In the listing beneath this line, copy exactly the lines starting with the one containing "eval_word x xi y yi w != 1]." and going on through the one containing "Local Open Scope ring_scope.".

[Start of section]

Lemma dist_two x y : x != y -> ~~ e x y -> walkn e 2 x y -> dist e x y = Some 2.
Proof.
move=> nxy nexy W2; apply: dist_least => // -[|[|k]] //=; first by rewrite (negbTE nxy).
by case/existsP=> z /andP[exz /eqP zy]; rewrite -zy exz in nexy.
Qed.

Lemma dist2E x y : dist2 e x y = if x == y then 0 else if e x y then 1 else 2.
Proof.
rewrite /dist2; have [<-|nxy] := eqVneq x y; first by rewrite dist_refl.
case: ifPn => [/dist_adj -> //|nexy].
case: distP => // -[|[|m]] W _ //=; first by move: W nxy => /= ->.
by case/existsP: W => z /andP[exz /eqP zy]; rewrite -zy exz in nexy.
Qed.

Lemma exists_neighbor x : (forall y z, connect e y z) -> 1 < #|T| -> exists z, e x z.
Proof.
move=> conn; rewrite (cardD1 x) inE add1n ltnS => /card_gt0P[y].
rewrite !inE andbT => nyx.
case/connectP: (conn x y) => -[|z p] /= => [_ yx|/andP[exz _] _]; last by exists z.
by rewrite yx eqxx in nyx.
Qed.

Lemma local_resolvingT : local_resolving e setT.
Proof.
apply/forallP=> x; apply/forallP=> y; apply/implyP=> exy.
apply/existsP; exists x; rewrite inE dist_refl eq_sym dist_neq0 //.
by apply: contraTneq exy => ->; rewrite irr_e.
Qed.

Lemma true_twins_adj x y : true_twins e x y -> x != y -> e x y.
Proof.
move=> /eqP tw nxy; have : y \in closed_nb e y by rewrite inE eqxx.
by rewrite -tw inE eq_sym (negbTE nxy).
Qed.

[End of section]
[Start of section]

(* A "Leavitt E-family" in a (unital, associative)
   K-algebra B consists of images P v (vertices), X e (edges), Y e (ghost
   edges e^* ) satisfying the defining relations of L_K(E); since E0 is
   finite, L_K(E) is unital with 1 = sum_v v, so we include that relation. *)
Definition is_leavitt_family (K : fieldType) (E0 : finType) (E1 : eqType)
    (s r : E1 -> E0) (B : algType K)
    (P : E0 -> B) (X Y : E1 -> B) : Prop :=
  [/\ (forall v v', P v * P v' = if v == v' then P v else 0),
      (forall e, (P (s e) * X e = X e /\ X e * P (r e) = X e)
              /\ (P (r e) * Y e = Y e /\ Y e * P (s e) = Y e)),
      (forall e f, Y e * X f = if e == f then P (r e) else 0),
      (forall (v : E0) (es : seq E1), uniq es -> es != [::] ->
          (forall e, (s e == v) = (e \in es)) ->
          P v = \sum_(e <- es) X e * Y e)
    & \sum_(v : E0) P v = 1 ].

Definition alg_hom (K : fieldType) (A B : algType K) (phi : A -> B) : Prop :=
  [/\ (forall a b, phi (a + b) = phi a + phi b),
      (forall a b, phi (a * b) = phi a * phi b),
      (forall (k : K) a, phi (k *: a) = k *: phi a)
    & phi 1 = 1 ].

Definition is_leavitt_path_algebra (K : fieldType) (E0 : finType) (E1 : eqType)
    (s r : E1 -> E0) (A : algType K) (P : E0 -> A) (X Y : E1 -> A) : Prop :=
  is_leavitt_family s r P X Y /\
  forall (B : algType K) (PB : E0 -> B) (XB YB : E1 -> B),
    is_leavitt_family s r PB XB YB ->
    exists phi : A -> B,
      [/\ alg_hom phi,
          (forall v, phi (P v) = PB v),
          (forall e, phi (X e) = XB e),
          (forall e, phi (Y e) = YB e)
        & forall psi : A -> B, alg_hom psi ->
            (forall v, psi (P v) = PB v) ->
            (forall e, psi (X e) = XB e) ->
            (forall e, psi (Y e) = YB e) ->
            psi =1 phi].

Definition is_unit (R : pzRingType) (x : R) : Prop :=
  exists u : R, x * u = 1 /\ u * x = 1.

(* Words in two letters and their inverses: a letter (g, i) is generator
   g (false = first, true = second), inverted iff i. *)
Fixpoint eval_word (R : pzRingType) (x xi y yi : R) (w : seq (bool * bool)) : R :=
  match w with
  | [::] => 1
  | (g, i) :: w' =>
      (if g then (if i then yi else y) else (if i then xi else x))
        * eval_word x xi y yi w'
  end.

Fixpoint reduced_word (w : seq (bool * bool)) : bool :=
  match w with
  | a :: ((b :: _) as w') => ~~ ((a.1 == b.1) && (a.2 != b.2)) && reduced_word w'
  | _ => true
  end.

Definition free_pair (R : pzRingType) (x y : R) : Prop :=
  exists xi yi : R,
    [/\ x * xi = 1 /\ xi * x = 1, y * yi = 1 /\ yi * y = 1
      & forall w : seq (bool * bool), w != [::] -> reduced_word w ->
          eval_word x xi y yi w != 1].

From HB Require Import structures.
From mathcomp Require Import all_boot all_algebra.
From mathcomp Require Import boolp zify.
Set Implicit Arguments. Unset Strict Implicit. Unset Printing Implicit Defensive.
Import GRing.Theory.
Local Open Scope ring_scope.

[End of section]

• **RESPONSE**:
          eval_word x xi y yi w != 1].

From HB Require Import structures.
From mathcomp Require Import all_boot all_algebra.
From mathcomp Require Import boolp zify.
Set Implicit Arguments. Unset Strict Implicit. Unset Printing Implicit Defensive.
Import GRing.Theory.
Local Open Scope ring_scope.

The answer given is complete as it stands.